Please give again, word for word, the line that contains "Lemma idealB x y : I x -> I y -> I (x - y)." and every line after it to the end of the data, with no other lines.

DATASET EXTRACT section start

(* Let $R$ be a ring and $S$ a (left and right) Ore set in $R$. Then: (1) $\mathcal J(R,S)\neq\emptyset$; (2) $\mathfrak p(S)$ is the least element (w.r.t. inclusion) of $\mathcal J(R,S)$; (3) if, in addition, $S$ is a left and right denominator set with $\mathrm{ass}(S)=\mathfrak a$, then $\mathfrak p(S)=\mathfrak a$.
   Context: Rings are associative with $1$. A multiplicatively closed subset $S$ ($1\in S$, $0\notin S$) is an Ore set if $Sr\cap Rs\ne\emptyset$ and $rS\cap sR\ne\emptyset$ for all $r\in R,s\in S$. It is a (left and right) denominator set if moreover $rs=0$ ($s\in S$) implies $tr=0$ for some $t\in S$, and $sr=0$ implies $rt=0$ for some $t\in S$; then $\mathrm{ass}(S):=\{r\mid sr=0 \text{ for some } s\in S\}$. For a ring $B$ and $T\subseteq B$, $\mathrm{ass}_l(T,B):=\{b\mid tb=0\text{ for some }t\in T\}$, $\mathrm{ass}_r(T,B):=\{b\mid bt=0\text{ for some }t\in T\}$. Define ideals $\mathfrak p_\alpha$ ($\alpha\ge1$ ordinals): $\mathfrak p_1:=\mathrm{ass}_l(S,R)+\mathrm{ass}_r(S,R)$; $\mathfrak p_{\alpha+1}:=\pi_\alpha^{-1}(\mathrm{ass}_l(\pi_\alpha(S),R/\mathfrak p_\alpha)+\mathrm{ass}_r(\pi_\alpha(S),R/\mathfrak p_\alpha))$ with $\pi_\alpha:R\to R/\mathfrak p_\alpha$ canonical; $\mathfrak p_\alpha:=\bigcup_{\beta<\alpha}\mathfrak p_\beta$ for limit $\alpha$; $\mathfrak p(S):=\bigcup_\alpha\mathfrak p_\alpha$. $\mathcal J(R,S)$ is the set of ideals $\mathfrak b$ of $R$ such that $\pi_{\mathfrak b}(S)$ is a (left and right) denominator set of $R/\mathfrak b$ with $\mathrm{ass}(\pi_{\mathfrak b}(S))=0$, $\pi_{\mathfrak b}:R\to R/\mathfrak b$ canonical. *)

(* Subsets/ideals of R are predicates R -> Prop.
   Computations in a quotient ring R/I are written out on representatives:
   an element of R/I is represented by some x : R, and  x = y in R/I  means
   I (x - y).  Taking I := (fun x => x = 0) gives back R itself. *)
From mathcomp Require Import all_boot all_algebra.
Set Implicit Arguments. Unset Strict Implicit. Unset Printing Implicit Defensive.
Import GRing.Theory.
Local Open Scope ring_scope.

Section Defs.
Variable R : nzRingType.

Definition zero_ideal : R -> Prop := fun x => x = 0.

Definition is_ideal (I : R -> Prop) : Prop :=
  I 0 /\ (forall x y, I x -> I y -> I (x - y)) /\
  (forall r x, I x -> I (r * x)) /\ (forall r x, I x -> I (x * r)).

Definition eqm (I : R -> Prop) (x y : R) : Prop := I (x - y).

(* class of x lies in pi_I(T) *)
Definition memT (I : R -> Prop) (T : R -> Prop) (x : R) : Prop :=
  exists t, T t /\ eqm I x t.

Definition mult_closed_mod (I T : R -> Prop) : Prop :=
  memT I T 1 /\ (forall x y, memT I T x -> memT I T y -> memT I T (x * y)) /\
  (forall x, memT I T x -> ~ eqm I x 0).

Definition ore_mod (I T : R -> Prop) : Prop :=
  mult_closed_mod I T /\
  (forall r s, memT I T s -> exists s' r', memT I T s' /\ eqm I (s' * r) (r' * s)) /\
  (forall r s, memT I T s -> exists s' r', memT I T s' /\ eqm I (r * s') (s * r')).

Definition denominator_mod (I T : R -> Prop) : Prop :=
  ore_mod I T /\
  (forall r s, memT I T s -> eqm I (r * s) 0 -> exists t, memT I T t /\ eqm I (t * r) 0) /\
  (forall r s, memT I T s -> eqm I (s * r) 0 -> exists t, memT I T t /\ eqm I (r * t) 0).

(* preimage in R of ass_l(pi_I(T), R/I) = {b | t b = 0 for some t in pi_I(T)} *)
Definition ass_l_mod (I T : R -> Prop) : R -> Prop :=
  fun b => exists t, memT I T t /\ eqm I (t * b) 0.

(* preimage in R of ass_r(pi_I(T), R/I) = {b | b t = 0 for some t in pi_I(T)} *)
Definition ass_r_mod (I T : R -> Prop) : R -> Prop :=
  fun b => exists t, memT I T t /\ eqm I (b * t) 0.

Definition is_ore_set (S : R -> Prop) : Prop := ore_mod zero_ideal S.
Definition is_denominator_set (S : R -> Prop) : Prop := denominator_mod zero_ideal S.
Definition ass (S : R -> Prop) : R -> Prop := ass_l_mod zero_ideal S.

(* pi_I^{-1}( ass_l(pi_I(S), R/I) + ass_r(pi_I(S), R/I) ) *)
Definition p_next (S I : R -> Prop) : R -> Prop :=
  fun x => exists a b, ass_l_mod I S a /\ ass_r_mod I S b /\ eqm I x (a + b).

Definition p_one (S : R -> Prop) : R -> Prop :=
  fun x => exists a b, ass_l_mod zero_ideal S a /\ ass_r_mod zero_ideal S b /\ x = a + b.

End Defs.

(* Ordinals >= 1, Brouwer-style with arbitrary (Type-indexed) suprema:
   ord1 = 1, ordS a = a+1, ordLim I f = sup_i f i. *)
Inductive ord : Type :=
| ord1 : ord
| ordS : ord -> ord
| ordLim : forall I : Type, (I -> ord) -> ord.

Fixpoint p_alpha (R : nzRingType) (S : R -> Prop) (a : ord) : R -> Prop :=
  match a with
  | ord1 => p_one S
  | ordS b => p_next S (p_alpha S b)
  | @ordLim J f => fun x => exists i, p_alpha S (f i) x
  end.

Definition pS (R : nzRingType) (S : R -> Prop) : R -> Prop :=
  fun x => exists a, p_alpha S a x.

Definition J_set (R : nzRingType) (S : R -> Prop) (b : R -> Prop) : Prop :=
  is_ideal b /\ denominator_mod b S /\ (forall r, ass_l_mod b S r -> b r).

From Pilot Require Import Defs.
From mathcomp Require Import all_boot all_algebra.
Import GRing.Theory.
Local Open Scope ring_scope.
Set Implicit Arguments. Unset Strict Implicit. Unset Printing Implicit Defensive.

(* Call an ideal I S-saturated if s a ∈ I or a s ∈ I with s ∈ S forces a ∈ I.
   Every saturated ideal contains every p_alpha (transfinite induction), and the
   members of J(R,S) are exactly the saturated ideals avoiding S.  The union of
   the finite stages p_1 ⊆ p_2 ⊆ ... is already a saturated ideal avoiding S,
   since a witness s a ∈ p_n puts a into p_(n+1); so p(S) equals this union and
   is the least member of J(R,S).  For a denominator set, ass(S) is itself a
   saturated ideal, and it is contained in p_1. *)

Section IdealClosure.
Variables (R : nzRingType) (I : R -> Prop).
Hypothesis idI : is_ideal I.

Lemma ideal0 : I 0.
Proof. by case: idI. Qed.

Lemma idealB x y : I x -> I y -> I (x - y).
Proof. by case: idI => _ [+ _]; apply. Qed.

Lemma idealN x : I x -> I (- x).
Proof. by move=> Ix; rewrite -sub0r; apply: idealB => //; apply: ideal0. Qed.

Lemma idealD x y : I x -> I y -> I (x + y).
Proof. by move=> Ix Iy; rewrite -[y]opprK; apply: idealB => //; apply: idealN. Qed.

DATASET EXTRACT section end

RESPONSE AREA
Lemma idealB x y : I x -> I y -> I (x - y).
Proof. by case: idI => _ [+ _]; apply. Qed.

Lemma idealN x : I x -> I (- x).
Proof. by move=> Ix; rewrite -sub0r; apply: idealB => //; apply: ideal0. Qed.

Lemma idealD x y : I x -> I y -> I (x + y).
Proof. by move=> Ix Iy; rewrite -[y]opprK; apply: idealB => //; apply: idealN. Qed.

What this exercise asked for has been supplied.